You can also use curl
and grep
for this task:
$ curl -s -X GET http://blog.inlanefreight.com | grep '<meta name="generator"'
<meta name="generator" content="WordPress 5.3.3" />
In older WordPress versions, another source of uncovering version information is the readme.html
file in WordPress' root directory.
Plugins and themes
You can manually inspect the page source or filter the information using curl
and other tools.
For example, for plugins:
$ curl -s -X GET http://blog.inlanefreight.com | sed 's/href=/\n/g' | sed 's/src=/\n/g' | grep 'wp-content/plugins/*' | cut -d"'" -f2
http://blog.inlanefreight.com/wp-content/plugins/wp-google-places-review-slider/public/css/wprev-public_combine.css?ver=6.1
http://blog.inlanefreight.com/wp-content/plugins/mail-masta/lib/subscriber.js?ver=5.3.3
http://blog.inlanefreight.com/wp-content/plugins/mail-masta/lib/jquery.validationEngine-en.js?ver=5.3.3
http://blog.inlanefreight.com/wp-content/plugins/mail-masta/lib/jquery.validationEngine.js?ver=5.3.3
http://blog.inlanefreight.com/wp-content/plugins/wp-google-places-review-slider/public/js/wprev-public-com-min.js?ver=6.1
http://blog.inlanefreight.com/wp-content/plugins/mail-masta/lib/css/mm_frontend.css?ver=5.3.3
And for themes:
$ curl -s -X GET http://blog.inlanefreight.com | sed 's/href=/\n/g' | sed 's/src=/\n/g' | grep 'themes' | cut -d"'" -f2
http://blog.inlanefreight.com/wp-content/themes/ben_theme/css/bootstrap.css?ver=5.3.3
http://blog.inlanefreight.com/wp-content/themes/ben_theme/style.css?ver=5.3.3
http://blog.inlanefreight.com/wp-content/themes/ben_theme/css/colors/default.css?ver=5.3.3
Nevertheless, not all installed plugins and themes can be discovered passively. We might have to send requests to the server actively to enumerate them.

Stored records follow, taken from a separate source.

(* Let $n\in\mathbb{N}$ and let $M\models \mathrm{I}\Delta_0$. Suppose $M$ admits a proper $\Sigma_{n+2}$-elementary end extension $K$ with $K\models \mathrm{B}\Sigma_{n+1}$. Then for every $a\in M$ and every $\Pi_{n+1}$-formula $\phi(x,y)$ with parameters from $M$, \[M\models \forall x\,\exists y<a\,\phi(x,y)\;\rightarrow\;\exists y<a\,\forall b\,\exists x>b\,\phi(x,y).\]
   Context: All theories contain $\mathrm{PA}^-$ (the theory of non-negative parts of discretely ordered rings). $\mathrm{I}\Delta_0$ is bounded induction; $\mathrm{B}\Sigma_{k}$ is the $\Sigma_k$-collection scheme $\forall x<a\,\exists y\,\phi(x,y)\to\exists b\,\forall x<a\,\exists y<b\,\phi(x,y)$ for $\Sigma_k$ formulas $\phi$ (with parameters), taken together with $\mathrm{I}\Delta_0$. An extension $M\subseteq K$ of models of first-order arithmetic is $\Sigma_k$-elementary if every $\Sigma_k$ formula with parameters from $M$ has the same truth value in $M$ and $K$; it is an end extension if every element of $K\setminus M$ is greater than every element of $M$; it is proper if $K\neq M$. *)

Set Implicit Arguments.

Inductive term : Type :=
| tVar : nat -> term
| tZero : term
| tOne : term
| tPlus : term -> term -> term
| tMult : term -> term -> term.

(* BAll t p  is  (forall x < t, p)  and  BEx t p  is  (exists x < t, p);
   the bound variable is de Bruijn index 0 in p, and t is evaluated in the
   outer environment (so x does not occur in t). *)
Inductive formula : Type :=
| fEq : term -> term -> formula
| fLt : term -> term -> formula
| fBot : formula
| fNot : formula -> formula
| fAnd : formula -> formula -> formula
| fOr : formula -> formula -> formula
| fImp : formula -> formula -> formula
| fBAll : term -> formula -> formula
| fBEx : term -> formula -> formula
| fAll : formula -> formula
| fEx : formula -> formula.

Record structure : Type := Structure {
  carrier :> Type;
  zero : carrier;
  one : carrier;
  add : carrier -> carrier -> carrier;
  mul : carrier -> carrier -> carrier;
  lt : carrier -> carrier -> Prop
}.

Definition scons {A : Type} (x : A) (e : nat -> A) : nat -> A :=
  fun i => match i with 0 => x | S j => e j end.

Fixpoint eval (M : structure) (e : nat -> M) (t : term) : M :=
  match t with
  | tVar i => e i
  | tZero => zero M
  | tOne => one M
  | tPlus u v => add M (eval M e u) (eval M e v)
  | tMult u v => mul M (eval M e u) (eval M e v)
  end.

Fixpoint sat (M : structure) (e : nat -> M) (p : formula) : Prop :=
  match p with
  | fEq u v => eval M e u = eval M e v
  | fLt u v => lt M (eval M e u) (eval M e v)
  | fBot => False
  | fNot q => ~ sat M e q
  | fAnd q r => sat M e q /\ sat M e r
  | fOr q r => sat M e q \/ sat M e r
  | fImp q r => sat M e q -> sat M e r
  | fBAll t q => forall x : M, lt M x (eval M e t) -> sat M (scons x e) q
  | fBEx t q => exists x : M, lt M x (eval M e t) /\ sat M (scons x e) q
  | fAll q => forall x : M, sat M (scons x e) q
  | fEx q => exists x : M, sat M (scons x e) q
  end.

Fixpoint Delta0 (p : formula) : Prop :=
  match p with
  | fEq _ _ | fLt _ _ | fBot => True
  | fNot q => Delta0 q
  | fAnd q r | fOr q r | fImp q r => Delta0 q /\ Delta0 r
  | fBAll _ q | fBEx _ q => Delta0 q
  | fAll _ | fEx _ => False
  end.

Inductive IsSigma : nat -> formula -> Prop :=
| Sigma0 : forall p, Delta0 p -> IsSigma 0 p
| SigmaS_Pi : forall k p, IsPi k p -> IsSigma (S k) p
| SigmaS_Ex : forall k p, IsSigma (S k) p -> IsSigma (S k) (fEx p)
with IsPi : nat -> formula -> Prop :=
| Pi0 : forall p, Delta0 p -> IsPi 0 p
| PiS_Sigma : forall k p, IsSigma k p -> IsPi (S k) p
| PiS_All : forall k p, IsPi (S k) p -> IsPi (S k) (fAll p).

Definition PAminus (M : structure) : Prop :=
  let z := zero M in let o := one M in
  let ad := add M in let mu := mul M in let l := lt M in
  (forall x y, ad x y = ad y x) /\
  (forall x y w, ad (ad x y) w = ad x (ad y w)) /\
  (forall x y, mu x y = mu y x) /\
  (forall x y w, mu (mu x y) w = mu x (mu y w)) /\
  (forall x y w, mu x (ad y w) = ad (mu x y) (mu x w)) /\
  (forall x, ad x z = x) /\
  (forall x, mu x z = z) /\
  (forall x, mu x o = x) /\
  (forall x, ~ l x x) /\
  (forall x y w, l x y -> l y w -> l x w) /\
  (forall x y, l x y \/ x = y \/ l y x) /\
  (forall x y w, l x y -> l (ad x w) (ad y w)) /\
  (forall x y w, l z w -> l x y -> l (mu x w) (mu y w)) /\
  (forall x y, l x y -> exists w, ad x w = y) /\
  l z o /\
  (forall x, l z x -> o = x \/ l o x) /\
  (forall x, z = x \/ l z x).

Definition IDelta0 (M : structure) : Prop :=
  PAminus M /\
  forall (p : formula) (e : nat -> M), Delta0 p ->
    sat M (scons (zero M) e) p ->
    (forall x : M, sat M (scons x e) p -> sat M (scons (add M x (one M)) e) p) ->
    forall x : M, sat M (scons x e) p.

(* Sigma_k collection (with parameters), together with IDelta0.
   phi(x,y): y is de Bruijn index 0, x is index 1. *)
Definition BSigma (k : nat) (M : structure) : Prop :=
  IDelta0 M /\
  forall (p : formula) (e : nat -> M) (a : M), IsSigma k p ->
    (forall x : M, lt M x a -> exists y : M, sat M (scons y (scons x e)) p) ->
    exists b : M, forall x : M, lt M x a ->
      exists y : M, lt M y b /\ sat M (scons y (scons x e)) p.

Definition is_embedding {M K : structure} (f : M -> K) : Prop :=
  (forall x y, f x = f y -> x = y) /\
  f (zero M) = zero K /\ f (one M) = one K /\
  (forall x y, f (add M x y) = add K (f x) (f y)) /\
  (forall x y, f (mul M x y) = mul K (f x) (f y)) /\
  (forall x y, lt M x y <-> lt K (f x) (f y)).

Definition in_image {M K : structure} (f : M -> K) (y : K) : Prop :=
  exists x : M, f x = y.

Definition end_extension {M K : structure} (f : M -> K) : Prop :=
  forall y : K, ~ in_image f y -> forall x : M, lt K (f x) y.

Definition proper_extension {M K : structure} (f : M -> K) : Prop :=
  exists y : K, ~ in_image f y.

Definition sigma_elementary (k : nat) {M K : structure} (f : M -> K) : Prop :=
  forall (p : formula) (e : nat -> M), IsSigma k p ->
    (sat M e p <-> sat K (fun i => f (e i)) p).

(* If the conclusion fails, every y < a has a bound b in M beyond which
   ~ phi(x, y) holds.  That is a Pi_{n+2} property of b, so it persists in K and
   makes ~ phi(c, y) true for one c in K \ M and all y < a; all such y lie in M
   since K end-extends M.  In K, BSigma_{n+1} absorbs the bounded quantifier of
   forall y < a, ~ phi(x, y) into a Sigma_{n+1} formula, so
   exists x, forall y < a, ~ phi(x, y) is Sigma_{n+2}; it reflects to M, and
   its witness x contradicts the hypothesis. *)

From Stdlib Require Import Classical FunctionalExtensionality PeanoNat.

Set Implicit Arguments.

Scheme IsSigma_mut := Induction for IsSigma Sort Prop
with IsPi_mut := Induction for IsPi Sort Prop.
Combined Scheme hierarchy_ind from IsSigma_mut, IsPi_mut.

Lemma hierarchy_succ :
  (forall k p, IsSigma k p -> IsSigma (S k) p) /\
  (forall k p, IsPi k p -> IsPi (S k) p).
Proof.
  apply hierarchy_ind; intros; constructor; solve [auto using Sigma0, Pi0].
Qed.

Lemma IsSigma0_Delta0 p : IsSigma 0 p -> Delta0 p.
Proof. now inversion 1. Qed.

Fixpoint tsubst (s : nat -> term) (t : term) : term :=
  match t with
  | tVar i => s i
  | tZero => tZero
  | tOne => tOne
  | tPlus u v => tPlus (tsubst s u) (tsubst s v)
  | tMult u v => tMult (tsubst s u) (tsubst s v)
  end.

Definition lift (t : term) : term := tsubst (fun i => tVar (S i)) t.

Definition up (s : nat -> term) : nat -> term := scons (tVar 0) (fun i => lift (s i)).

Fixpoint fsubst (s : nat -> term) (p : formula) : formula :=
  match p with
  | fEq u v => fEq (tsubst s u) (tsubst s v)
  | fLt u v => fLt (tsubst s u) (tsubst s v)
  | fBot => fBot
  | fNot q => fNot (fsubst s q)
  | fAnd q r => fAnd (fsubst s q) (fsubst s r)
  | fOr q r => fOr (fsubst s q) (fsubst s r)
  | fImp q r => fImp (fsubst s q) (fsubst s r)
  | fBAll t q => fBAll (tsubst s t) (fsubst (up s) q)
  | fBEx t q => fBEx (tsubst s t) (fsubst (up s) q)
  | fAll q => fAll (fsubst (up s) q)
  | fEx q => fEx (fsubst (up s) q)
  end.

Definition fren (r : nat -> nat) (p : formula) : formula := fsubst (fun i => tVar (r i)) p.

Definition swap01 (i : nat) : nat :=
  match i with 0 => 1 | 1 => 0 | _ => i end.

Definition skip2 (i : nat) : nat :=
  match i with 0 => 0 | 1 => 1 | S (S j) => S (S (S j)) end.

Lemma eval_tsubst (M : structure) g s t :
  eval M g (tsubst s t) = eval M (fun i => eval M g (s i)) t.
Proof. induction t; simpl; congruence. Qed.

Lemma eval_lift (M : structure) g x t : eval M (scons x g) (lift t) = eval M g t.
Proof. apply eval_tsubst. Qed.

Lemma eval_up (M : structure) (g : nat -> M) x s :
  (fun i => eval M (scons x g) (up s i)) = scons x (fun i => eval M g (s i)).
Proof. extensionality i; destruct i; [reflexivity | apply eval_lift]. Qed.

Lemma sat_fsubst (M : structure) p : forall s g,
  sat M g (fsubst s p) <-> sat M (fun i => eval M g (s i)) p.
Proof.
  induction p; intros s g; simpl; rewrite ?eval_tsubst;
    try setoid_rewrite IHp; try setoid_rewrite IHp1; try setoid_rewrite IHp2;
    try setoid_rewrite eval_up; reflexivity.
Qed.

Lemma sat_fsubst_ext {M : structure} {g} h {s p} :
  (forall i, eval M g (s i) = h i) -> sat M g (fsubst s p) <-> sat M h p.
Proof.
  intros E; rewrite sat_fsubst.
  replace (fun i => eval M g (s i)) with h; [reflexivity | extensionality i; auto].
Qed.

Lemma sat_swap01 {M : structure} {g : nat -> M} {x y p} :
  sat M (scons x (scons y g)) (fren swap01 p) <-> sat M (scons y (scons x g)) p.
Proof. apply sat_fsubst_ext; now intros [|[|i]]. Qed.

Lemma sat_skip2 {M : structure} {g : nat -> M} {x y z p} :
  sat M (scons x (scons y (scons z g))) (fren skip2 p) <-> sat M (scons x (scons y g)) p.
Proof. apply sat_fsubst_ext; now intros [|[|i]]. Qed.

Lemma Delta0_fsubst p s : Delta0 p -> Delta0 (fsubst s p).
Proof. revert s; induction p; simpl; intuition. Qed.

Lemma hierarchy_fsubst :
  (forall k p, IsSigma k p -> forall s, IsSigma k (fsubst s p)) /\
  (forall k p, IsPi k p -> forall s, IsPi k (fsubst s p)).
Proof.
  apply hierarchy_ind; intros; simpl; constructor; solve [auto using Delta0_fsubst].
Qed.

Fixpoint neg (p : formula) : formula :=
  match p with
  | fEx q => fAll (neg q)
  | fAll q => fEx (neg q)
  | _ => fNot p
  end.

Lemma sat_neg {M : structure} p : forall g, sat M g (neg p) <-> ~ sat M g p.
Proof.
  induction p; intros g; simpl; try reflexivity; setoid_rewrite IHp.
  - split; [firstorder | apply not_all_ex_not].
  - firstorder.
Qed.

Lemma Delta0_neg p : Delta0 p -> Delta0 (neg p).
Proof. now destruct p. Qed.

Lemma hierarchy_neg :
  (forall k p, IsSigma k p -> IsPi k (neg p)) /\
  (forall k p, IsPi k p -> IsSigma k (neg p)).
Proof. apply hierarchy_ind; intros; constructor; solve [auto using Delta0_neg]. Qed.

Inductive ExBlock (k : nat) : nat -> formula -> Prop :=
| ExBlock_Pi p : IsPi k p -> ExBlock k 0 p
| ExBlock_ex m p : ExBlock k m p -> ExBlock k (S m) (fEx p).

Lemma IsSigma_S_ExBlock k p : IsSigma (S k) p <-> exists m, ExBlock k m p.
Proof.
  split.
  - intros H; remember (S k) as k' eqn:Ek; induction H as [|k0 p Hp|k0 p _ IH].
    + discriminate.
    + injection Ek as ->; exists 0; now constructor.
    + destruct (IH Ek) as [m Hm]; exists (S m); now constructor.
  - intros [m H]; induction H; now constructor.
Qed.

Lemma ExBlock_fsubst k m p s : ExBlock k m p -> ExBlock k m (fsubst s p).
Proof.
  intros H; revert s; induction H; intros s; constructor; auto.
  now apply hierarchy_fsubst.
Qed.

Section BoundedQuantifiers.
Variable K : structure.

Definition bforall (a : K) (Q : K -> Prop) : Prop := forall y, lt K y a -> Q y.
Definition bexists (a : K) (Q : K -> Prop) : Prop := exists y, lt K y a /\ Q y.

Definition closed_under (bq : K -> (K -> Prop) -> Prop) (P : formula -> Prop) : Prop :=
  forall q t, P q -> exists q', P q' /\
    forall g, sat K g q' <-> bq (eval K g t) (fun y => sat K (scons y g) q).

Definition collection (k : nat) : Prop :=
  forall (p : formula) (e : nat -> K) (a : K), IsSigma k p ->
    (forall x : K, lt K x a -> exists y : K, sat K (scons y (scons x e)) p) ->
    exists b : K, forall x : K, lt K x a ->
      exists y : K, lt K y b /\ sat K (scons y (scons x e)) p.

$ curl -I -X GET http://blog.inlanefreight.com/wp-content/plugins/mail-masta
HTTP/1.1 301 Moved Permanently
Date: Wed, 13 May 2020 20:08:23 GMT
Server: Apache/2.4.29 (Ubuntu)
Location: http://blog.inlanefreight.com/wp-content/plugins/mail-masta/
Content-Length: 356
Content-Type: text/html; charset=iso-8859-1
You can use tools like wfuzz
or WPScan
, which automate the process.
Directory indexing
Even if a plugin is deactivated, it may still be accessible, and therefore we can gain access to its associated scripts and functions.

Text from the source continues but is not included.